PROVIDED MATERIAL:
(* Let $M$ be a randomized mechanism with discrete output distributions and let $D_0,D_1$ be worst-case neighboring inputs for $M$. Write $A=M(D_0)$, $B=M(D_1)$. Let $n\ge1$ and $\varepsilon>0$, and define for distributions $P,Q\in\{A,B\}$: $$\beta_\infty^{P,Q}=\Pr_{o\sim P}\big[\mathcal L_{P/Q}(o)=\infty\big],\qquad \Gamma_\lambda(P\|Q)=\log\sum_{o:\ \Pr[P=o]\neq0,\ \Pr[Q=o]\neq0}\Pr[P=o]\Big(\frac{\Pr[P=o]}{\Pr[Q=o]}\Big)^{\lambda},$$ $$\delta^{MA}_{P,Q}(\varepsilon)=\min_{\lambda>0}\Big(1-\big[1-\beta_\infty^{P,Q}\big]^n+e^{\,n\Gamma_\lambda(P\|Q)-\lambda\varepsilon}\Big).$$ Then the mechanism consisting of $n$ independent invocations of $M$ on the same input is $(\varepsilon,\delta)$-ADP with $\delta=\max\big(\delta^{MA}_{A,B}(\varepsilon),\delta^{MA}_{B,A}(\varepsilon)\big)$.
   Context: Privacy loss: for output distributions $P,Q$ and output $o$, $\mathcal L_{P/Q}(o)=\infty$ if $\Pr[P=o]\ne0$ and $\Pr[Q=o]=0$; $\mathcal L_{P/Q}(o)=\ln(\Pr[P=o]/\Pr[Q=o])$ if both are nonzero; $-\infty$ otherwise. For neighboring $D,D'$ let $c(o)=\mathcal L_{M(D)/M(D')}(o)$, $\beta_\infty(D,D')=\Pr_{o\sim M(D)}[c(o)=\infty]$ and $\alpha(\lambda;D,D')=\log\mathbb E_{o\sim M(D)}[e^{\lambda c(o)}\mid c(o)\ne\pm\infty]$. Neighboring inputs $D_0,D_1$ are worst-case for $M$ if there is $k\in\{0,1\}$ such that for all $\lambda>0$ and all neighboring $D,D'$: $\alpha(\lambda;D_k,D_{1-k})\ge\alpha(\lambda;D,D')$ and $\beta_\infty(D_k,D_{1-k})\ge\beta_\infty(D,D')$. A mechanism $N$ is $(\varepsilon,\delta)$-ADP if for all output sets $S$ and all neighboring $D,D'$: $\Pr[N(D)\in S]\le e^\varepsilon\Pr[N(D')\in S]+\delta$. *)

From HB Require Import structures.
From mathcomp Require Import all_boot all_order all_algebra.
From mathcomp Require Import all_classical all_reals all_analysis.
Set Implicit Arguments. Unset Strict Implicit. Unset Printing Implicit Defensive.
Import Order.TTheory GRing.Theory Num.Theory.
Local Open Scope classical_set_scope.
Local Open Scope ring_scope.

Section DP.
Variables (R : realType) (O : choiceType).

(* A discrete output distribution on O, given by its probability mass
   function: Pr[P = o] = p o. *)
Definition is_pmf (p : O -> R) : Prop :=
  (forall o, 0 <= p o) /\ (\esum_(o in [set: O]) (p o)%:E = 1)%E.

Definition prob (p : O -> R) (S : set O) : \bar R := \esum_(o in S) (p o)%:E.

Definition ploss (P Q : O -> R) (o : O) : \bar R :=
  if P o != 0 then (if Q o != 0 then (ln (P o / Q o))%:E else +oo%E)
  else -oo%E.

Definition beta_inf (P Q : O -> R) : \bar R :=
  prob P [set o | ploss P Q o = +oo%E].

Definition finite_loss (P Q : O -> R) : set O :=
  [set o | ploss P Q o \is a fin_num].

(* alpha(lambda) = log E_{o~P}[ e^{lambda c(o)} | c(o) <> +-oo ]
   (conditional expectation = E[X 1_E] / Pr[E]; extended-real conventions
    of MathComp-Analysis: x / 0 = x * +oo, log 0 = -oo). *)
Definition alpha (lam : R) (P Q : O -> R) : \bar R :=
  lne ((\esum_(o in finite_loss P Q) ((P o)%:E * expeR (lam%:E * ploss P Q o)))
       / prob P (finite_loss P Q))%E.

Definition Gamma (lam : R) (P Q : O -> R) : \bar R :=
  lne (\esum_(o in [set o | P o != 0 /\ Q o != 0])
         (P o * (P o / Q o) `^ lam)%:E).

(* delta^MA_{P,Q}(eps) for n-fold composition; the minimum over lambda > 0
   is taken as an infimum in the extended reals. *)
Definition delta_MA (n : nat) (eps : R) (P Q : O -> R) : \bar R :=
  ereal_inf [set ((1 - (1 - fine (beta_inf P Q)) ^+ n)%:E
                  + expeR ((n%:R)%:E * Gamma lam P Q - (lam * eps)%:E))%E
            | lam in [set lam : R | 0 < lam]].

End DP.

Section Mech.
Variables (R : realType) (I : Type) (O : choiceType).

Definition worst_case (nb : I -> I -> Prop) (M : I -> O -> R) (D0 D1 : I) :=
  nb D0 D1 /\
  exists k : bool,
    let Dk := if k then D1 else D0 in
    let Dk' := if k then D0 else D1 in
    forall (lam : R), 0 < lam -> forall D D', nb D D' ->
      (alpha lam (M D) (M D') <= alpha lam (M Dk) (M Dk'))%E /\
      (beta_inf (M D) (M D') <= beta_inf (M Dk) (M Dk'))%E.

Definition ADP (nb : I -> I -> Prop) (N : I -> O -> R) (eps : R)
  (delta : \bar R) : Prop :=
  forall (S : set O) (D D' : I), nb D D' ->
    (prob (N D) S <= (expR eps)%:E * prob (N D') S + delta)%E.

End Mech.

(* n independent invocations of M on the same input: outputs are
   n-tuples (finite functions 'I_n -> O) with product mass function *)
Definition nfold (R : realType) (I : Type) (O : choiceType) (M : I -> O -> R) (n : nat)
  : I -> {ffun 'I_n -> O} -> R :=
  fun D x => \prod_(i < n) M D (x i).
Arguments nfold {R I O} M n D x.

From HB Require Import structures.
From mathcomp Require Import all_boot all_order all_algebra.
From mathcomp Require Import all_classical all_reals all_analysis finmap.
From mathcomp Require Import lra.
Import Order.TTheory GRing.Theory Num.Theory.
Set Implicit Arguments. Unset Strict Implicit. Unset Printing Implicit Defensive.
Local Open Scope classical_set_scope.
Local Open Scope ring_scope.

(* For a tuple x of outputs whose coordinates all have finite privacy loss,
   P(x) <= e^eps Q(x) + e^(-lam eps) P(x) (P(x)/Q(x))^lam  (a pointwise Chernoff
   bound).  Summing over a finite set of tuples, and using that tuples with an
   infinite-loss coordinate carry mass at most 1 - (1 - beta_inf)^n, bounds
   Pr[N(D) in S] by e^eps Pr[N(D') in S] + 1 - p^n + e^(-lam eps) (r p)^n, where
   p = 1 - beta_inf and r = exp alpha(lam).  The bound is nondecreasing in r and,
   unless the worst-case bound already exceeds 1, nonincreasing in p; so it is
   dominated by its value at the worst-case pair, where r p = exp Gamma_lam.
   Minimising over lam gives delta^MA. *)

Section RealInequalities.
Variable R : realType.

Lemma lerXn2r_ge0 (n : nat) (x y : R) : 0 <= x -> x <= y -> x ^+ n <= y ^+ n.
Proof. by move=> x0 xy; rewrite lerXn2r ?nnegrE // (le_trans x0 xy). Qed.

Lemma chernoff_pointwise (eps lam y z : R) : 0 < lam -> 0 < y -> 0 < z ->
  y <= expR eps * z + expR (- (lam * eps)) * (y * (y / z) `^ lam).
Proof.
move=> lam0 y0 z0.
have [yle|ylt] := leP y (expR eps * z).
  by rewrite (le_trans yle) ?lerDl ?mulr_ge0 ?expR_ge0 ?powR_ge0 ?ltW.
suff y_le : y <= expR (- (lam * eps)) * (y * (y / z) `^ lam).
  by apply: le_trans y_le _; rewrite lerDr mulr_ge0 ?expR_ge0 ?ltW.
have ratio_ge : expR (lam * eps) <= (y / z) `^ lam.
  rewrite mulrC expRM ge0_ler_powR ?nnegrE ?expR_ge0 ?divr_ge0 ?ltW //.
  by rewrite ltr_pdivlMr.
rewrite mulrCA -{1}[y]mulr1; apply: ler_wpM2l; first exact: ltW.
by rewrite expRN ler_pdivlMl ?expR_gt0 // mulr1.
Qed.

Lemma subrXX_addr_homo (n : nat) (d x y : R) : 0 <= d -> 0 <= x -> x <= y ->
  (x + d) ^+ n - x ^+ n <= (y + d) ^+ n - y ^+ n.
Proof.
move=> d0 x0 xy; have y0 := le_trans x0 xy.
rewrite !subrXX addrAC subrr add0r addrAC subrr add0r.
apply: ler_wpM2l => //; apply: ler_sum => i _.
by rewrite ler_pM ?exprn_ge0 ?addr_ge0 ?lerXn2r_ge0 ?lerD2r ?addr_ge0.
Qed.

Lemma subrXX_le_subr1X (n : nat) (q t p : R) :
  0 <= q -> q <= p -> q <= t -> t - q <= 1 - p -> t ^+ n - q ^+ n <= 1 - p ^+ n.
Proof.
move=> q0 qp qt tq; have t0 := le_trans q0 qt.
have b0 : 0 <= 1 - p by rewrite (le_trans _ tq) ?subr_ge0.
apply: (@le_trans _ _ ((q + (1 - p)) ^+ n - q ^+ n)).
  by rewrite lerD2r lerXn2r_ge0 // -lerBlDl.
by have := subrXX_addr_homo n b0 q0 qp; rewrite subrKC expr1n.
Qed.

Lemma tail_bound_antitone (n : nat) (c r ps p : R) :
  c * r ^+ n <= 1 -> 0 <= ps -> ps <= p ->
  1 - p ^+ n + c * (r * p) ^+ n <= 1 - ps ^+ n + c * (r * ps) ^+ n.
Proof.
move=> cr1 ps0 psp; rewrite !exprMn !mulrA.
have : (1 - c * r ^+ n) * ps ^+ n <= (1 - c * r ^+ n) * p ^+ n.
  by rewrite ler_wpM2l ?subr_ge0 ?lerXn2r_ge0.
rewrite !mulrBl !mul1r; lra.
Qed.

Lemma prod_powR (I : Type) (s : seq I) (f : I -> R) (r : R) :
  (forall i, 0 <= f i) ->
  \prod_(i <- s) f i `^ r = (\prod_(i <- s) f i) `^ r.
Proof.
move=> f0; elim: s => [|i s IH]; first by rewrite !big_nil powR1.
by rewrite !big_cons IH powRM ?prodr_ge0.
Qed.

* * *

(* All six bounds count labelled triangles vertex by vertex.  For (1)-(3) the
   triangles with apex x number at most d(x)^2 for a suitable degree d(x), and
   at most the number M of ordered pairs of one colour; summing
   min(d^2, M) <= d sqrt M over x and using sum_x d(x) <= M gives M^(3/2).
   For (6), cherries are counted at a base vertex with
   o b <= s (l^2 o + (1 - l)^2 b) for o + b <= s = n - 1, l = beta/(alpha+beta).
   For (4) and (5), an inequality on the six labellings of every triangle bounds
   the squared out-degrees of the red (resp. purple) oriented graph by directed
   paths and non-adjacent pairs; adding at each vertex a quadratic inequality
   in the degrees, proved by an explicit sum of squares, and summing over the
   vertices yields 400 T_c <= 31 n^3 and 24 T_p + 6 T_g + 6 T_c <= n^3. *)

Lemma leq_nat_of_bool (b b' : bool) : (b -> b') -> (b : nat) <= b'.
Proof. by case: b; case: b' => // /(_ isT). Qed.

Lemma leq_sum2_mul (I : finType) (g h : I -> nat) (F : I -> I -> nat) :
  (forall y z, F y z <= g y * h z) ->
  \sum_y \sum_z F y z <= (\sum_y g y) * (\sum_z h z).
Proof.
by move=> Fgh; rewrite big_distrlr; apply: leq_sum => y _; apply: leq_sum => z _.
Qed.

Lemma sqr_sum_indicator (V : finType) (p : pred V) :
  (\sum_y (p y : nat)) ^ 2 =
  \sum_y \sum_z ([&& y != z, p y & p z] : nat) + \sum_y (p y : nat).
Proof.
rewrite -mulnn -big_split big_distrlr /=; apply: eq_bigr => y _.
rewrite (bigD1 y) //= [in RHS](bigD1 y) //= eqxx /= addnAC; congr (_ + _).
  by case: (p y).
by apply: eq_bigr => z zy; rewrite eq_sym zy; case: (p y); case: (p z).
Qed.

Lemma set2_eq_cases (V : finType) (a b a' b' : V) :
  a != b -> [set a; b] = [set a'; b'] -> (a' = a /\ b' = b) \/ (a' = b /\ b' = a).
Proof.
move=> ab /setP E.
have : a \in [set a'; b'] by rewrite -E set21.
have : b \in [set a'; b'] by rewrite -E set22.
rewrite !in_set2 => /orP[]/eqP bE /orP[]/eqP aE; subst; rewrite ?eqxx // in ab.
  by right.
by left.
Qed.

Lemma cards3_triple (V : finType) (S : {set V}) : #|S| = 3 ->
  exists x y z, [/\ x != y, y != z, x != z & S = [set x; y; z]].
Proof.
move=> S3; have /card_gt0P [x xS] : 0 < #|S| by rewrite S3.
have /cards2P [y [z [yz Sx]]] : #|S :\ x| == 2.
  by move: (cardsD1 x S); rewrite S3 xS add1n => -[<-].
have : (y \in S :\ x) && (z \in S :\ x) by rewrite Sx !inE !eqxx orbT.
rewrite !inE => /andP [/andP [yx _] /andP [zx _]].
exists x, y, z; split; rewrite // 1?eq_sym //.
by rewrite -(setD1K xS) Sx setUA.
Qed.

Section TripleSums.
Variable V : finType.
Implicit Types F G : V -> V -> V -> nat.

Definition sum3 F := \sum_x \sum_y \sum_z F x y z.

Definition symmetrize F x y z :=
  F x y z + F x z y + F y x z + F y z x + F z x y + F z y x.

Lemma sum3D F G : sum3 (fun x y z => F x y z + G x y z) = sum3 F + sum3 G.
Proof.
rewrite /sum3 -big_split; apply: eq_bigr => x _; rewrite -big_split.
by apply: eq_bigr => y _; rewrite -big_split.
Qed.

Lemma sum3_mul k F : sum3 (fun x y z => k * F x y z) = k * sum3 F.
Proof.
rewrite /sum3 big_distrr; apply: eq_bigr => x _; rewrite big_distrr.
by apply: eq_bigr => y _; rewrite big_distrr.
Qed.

--

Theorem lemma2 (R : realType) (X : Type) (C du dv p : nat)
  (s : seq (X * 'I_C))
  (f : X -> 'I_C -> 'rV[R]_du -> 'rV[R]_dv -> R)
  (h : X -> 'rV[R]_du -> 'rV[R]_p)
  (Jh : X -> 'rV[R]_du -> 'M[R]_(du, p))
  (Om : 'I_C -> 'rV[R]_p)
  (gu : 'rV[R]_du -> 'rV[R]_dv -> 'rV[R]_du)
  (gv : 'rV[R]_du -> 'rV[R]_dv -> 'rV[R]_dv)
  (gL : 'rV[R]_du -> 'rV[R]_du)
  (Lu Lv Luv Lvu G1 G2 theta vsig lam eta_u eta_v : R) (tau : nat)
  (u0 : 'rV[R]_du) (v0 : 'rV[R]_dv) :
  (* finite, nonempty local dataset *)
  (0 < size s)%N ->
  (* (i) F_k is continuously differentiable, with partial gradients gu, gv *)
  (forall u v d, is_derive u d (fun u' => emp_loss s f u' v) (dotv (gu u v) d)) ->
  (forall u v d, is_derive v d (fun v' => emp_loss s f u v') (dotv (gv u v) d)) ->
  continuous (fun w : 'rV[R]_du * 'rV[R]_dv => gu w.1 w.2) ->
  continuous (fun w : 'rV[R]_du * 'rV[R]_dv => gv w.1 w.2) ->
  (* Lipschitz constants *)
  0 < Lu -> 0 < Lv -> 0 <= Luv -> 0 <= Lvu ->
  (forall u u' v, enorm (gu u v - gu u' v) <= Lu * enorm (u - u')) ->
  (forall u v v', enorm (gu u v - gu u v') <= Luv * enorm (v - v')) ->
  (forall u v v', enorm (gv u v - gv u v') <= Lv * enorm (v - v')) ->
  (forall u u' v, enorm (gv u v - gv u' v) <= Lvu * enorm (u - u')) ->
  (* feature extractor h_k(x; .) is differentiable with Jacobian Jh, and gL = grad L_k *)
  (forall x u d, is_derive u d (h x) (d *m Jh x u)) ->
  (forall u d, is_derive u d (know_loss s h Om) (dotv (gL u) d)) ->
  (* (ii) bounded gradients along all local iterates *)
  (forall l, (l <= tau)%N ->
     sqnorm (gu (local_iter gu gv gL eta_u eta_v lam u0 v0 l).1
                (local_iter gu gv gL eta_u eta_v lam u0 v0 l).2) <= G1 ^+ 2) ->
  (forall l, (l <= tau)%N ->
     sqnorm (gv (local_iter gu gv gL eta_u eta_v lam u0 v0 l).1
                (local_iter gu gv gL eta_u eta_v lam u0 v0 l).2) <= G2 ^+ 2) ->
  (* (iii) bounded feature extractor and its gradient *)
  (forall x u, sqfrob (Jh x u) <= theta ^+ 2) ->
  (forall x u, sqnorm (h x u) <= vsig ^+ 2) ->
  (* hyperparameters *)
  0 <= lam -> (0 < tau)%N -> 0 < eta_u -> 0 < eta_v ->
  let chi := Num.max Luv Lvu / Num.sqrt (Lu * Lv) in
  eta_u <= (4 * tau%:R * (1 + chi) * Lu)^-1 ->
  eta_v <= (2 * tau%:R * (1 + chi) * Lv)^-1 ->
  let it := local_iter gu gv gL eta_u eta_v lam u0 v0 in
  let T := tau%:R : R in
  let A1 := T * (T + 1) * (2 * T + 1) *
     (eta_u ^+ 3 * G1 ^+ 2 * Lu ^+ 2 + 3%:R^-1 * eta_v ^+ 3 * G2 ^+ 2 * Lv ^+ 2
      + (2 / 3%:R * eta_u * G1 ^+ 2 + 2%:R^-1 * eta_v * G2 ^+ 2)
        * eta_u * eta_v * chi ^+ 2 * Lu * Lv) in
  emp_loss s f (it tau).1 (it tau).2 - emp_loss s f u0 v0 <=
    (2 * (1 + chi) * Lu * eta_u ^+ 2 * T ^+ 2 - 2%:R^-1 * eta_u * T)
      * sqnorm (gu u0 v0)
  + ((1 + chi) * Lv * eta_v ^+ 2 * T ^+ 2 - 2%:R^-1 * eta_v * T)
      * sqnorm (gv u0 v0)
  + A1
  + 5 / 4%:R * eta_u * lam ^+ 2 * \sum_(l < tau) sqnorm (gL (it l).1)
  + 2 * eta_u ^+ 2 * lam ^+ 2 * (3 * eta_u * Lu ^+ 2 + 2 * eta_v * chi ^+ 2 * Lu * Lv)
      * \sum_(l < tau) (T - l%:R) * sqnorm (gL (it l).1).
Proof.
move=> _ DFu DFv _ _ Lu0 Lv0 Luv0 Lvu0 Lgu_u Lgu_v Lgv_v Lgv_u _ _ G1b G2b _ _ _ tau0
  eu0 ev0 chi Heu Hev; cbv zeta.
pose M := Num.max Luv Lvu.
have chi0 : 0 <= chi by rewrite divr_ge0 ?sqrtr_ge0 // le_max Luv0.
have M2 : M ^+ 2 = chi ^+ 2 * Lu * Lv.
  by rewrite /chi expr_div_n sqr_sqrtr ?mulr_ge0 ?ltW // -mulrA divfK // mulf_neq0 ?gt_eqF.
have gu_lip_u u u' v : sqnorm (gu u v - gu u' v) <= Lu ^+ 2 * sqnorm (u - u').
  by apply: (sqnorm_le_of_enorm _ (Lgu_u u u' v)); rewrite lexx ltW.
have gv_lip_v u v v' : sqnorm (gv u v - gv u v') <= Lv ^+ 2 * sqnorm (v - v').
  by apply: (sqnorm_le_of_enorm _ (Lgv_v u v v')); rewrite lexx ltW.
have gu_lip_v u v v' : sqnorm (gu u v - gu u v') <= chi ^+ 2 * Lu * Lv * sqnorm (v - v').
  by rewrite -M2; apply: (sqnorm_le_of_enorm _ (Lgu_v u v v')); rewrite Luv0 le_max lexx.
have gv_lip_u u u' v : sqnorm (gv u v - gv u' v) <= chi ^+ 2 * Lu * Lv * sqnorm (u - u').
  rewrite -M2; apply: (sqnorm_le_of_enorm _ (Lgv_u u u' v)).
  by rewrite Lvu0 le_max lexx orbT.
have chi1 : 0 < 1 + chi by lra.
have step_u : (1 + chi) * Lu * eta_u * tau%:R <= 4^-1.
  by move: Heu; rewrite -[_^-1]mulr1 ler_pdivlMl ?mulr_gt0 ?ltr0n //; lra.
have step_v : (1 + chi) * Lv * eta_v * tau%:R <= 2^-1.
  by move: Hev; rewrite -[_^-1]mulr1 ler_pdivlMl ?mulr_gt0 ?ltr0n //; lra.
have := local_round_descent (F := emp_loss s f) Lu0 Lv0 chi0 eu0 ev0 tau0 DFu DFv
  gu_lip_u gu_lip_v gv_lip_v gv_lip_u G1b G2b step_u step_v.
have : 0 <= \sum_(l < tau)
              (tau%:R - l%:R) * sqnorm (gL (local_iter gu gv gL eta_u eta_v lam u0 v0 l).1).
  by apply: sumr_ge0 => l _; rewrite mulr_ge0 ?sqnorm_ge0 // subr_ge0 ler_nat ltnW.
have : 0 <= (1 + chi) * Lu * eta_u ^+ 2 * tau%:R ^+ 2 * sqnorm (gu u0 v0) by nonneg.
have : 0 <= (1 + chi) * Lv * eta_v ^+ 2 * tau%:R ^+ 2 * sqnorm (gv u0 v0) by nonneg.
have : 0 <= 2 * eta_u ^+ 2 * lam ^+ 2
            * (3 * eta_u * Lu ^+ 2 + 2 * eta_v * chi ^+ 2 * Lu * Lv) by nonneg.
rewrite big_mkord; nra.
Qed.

YOUR OBJECTIVE: Lines containing the word "nnegrE" are to be counted in the listing; state their number alone.

EXERCISE RESULT: 2